• _TASK MATERIAL_
* * * *
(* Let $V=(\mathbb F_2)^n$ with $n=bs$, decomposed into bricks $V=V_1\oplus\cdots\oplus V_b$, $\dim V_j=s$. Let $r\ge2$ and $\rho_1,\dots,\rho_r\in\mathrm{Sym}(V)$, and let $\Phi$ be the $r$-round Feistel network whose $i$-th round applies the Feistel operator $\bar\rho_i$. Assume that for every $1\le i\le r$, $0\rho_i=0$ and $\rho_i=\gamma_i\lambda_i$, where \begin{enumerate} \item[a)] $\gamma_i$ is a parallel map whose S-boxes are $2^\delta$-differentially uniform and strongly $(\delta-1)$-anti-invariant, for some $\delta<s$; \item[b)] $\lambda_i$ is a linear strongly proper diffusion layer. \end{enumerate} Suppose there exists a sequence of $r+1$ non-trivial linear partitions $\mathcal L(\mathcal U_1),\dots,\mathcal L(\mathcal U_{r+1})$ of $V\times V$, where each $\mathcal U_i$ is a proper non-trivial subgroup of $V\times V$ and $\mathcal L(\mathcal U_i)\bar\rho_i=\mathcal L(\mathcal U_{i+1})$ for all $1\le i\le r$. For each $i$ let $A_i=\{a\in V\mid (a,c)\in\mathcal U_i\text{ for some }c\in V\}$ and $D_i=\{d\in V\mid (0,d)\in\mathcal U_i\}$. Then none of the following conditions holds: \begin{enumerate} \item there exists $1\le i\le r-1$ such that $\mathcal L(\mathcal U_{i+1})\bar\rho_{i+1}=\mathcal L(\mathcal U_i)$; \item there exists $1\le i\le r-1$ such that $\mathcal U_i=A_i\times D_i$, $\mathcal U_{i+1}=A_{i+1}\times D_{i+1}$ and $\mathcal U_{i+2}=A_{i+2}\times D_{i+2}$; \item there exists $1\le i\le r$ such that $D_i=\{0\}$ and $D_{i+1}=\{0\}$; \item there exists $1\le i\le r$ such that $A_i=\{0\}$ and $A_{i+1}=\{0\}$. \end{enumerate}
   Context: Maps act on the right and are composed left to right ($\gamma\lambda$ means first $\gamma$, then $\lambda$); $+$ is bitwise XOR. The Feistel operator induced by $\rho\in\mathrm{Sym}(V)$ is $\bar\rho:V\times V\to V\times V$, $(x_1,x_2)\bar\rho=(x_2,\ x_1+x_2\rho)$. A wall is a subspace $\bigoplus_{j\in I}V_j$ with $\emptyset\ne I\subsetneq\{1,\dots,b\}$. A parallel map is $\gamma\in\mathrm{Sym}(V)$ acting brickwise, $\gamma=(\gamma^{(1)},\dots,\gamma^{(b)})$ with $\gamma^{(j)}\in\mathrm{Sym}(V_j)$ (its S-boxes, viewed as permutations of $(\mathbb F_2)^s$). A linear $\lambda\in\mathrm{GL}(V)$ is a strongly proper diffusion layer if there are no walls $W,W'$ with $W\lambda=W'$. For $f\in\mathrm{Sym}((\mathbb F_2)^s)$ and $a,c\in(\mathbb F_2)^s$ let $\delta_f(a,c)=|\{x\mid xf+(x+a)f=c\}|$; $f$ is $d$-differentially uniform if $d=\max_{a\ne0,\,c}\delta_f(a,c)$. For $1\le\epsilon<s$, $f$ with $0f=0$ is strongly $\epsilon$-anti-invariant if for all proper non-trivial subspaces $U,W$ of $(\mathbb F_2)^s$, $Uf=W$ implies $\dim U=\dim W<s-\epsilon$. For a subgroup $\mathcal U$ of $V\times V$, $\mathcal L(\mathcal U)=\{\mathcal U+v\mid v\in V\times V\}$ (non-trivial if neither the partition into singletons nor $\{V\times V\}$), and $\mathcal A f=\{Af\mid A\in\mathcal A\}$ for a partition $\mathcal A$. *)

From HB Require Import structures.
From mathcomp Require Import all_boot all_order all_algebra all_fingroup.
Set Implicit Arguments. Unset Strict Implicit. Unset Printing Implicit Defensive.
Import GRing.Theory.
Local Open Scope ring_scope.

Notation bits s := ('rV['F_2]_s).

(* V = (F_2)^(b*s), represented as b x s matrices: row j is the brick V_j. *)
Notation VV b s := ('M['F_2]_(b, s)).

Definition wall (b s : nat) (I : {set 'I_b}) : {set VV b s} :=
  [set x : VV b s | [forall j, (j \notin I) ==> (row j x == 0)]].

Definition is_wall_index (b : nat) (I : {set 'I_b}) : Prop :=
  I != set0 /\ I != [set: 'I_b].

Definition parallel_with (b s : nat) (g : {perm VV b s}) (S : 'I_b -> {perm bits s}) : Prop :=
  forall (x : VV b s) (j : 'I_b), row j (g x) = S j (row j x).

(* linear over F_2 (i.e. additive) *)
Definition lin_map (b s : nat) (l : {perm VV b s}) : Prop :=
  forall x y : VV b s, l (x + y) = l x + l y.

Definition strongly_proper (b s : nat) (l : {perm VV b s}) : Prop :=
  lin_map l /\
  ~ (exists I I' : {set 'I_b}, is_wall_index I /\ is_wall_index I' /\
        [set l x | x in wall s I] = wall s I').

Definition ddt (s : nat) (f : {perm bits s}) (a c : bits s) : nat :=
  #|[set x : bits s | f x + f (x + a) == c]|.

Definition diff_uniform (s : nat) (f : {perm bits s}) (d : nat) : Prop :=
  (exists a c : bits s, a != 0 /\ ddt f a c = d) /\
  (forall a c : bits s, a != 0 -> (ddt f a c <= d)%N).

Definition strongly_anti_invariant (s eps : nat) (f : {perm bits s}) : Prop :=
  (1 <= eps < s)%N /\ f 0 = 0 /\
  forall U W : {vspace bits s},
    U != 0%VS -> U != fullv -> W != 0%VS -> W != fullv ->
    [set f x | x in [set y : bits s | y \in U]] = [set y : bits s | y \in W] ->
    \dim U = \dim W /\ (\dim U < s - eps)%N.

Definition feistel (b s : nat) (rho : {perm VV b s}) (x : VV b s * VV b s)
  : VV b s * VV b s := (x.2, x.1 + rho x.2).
* * * *
• _TASK ITEM_
Which lines in the data above hold the string "forall"? Return each of them.

• _ANSWER SPACE_
  [set x : VV b s | [forall j, (j \notin I) ==> (row j x == 0)]].
  forall (x : VV b s) (j : 'I_b), row j (g x) = S j (row j x).
  forall x y : VV b s, l (x + y) = l x + l y.
  (forall a c : bits s, a != 0 -> (ddt f a c <= d)%N).
  forall U W : {vspace bits s},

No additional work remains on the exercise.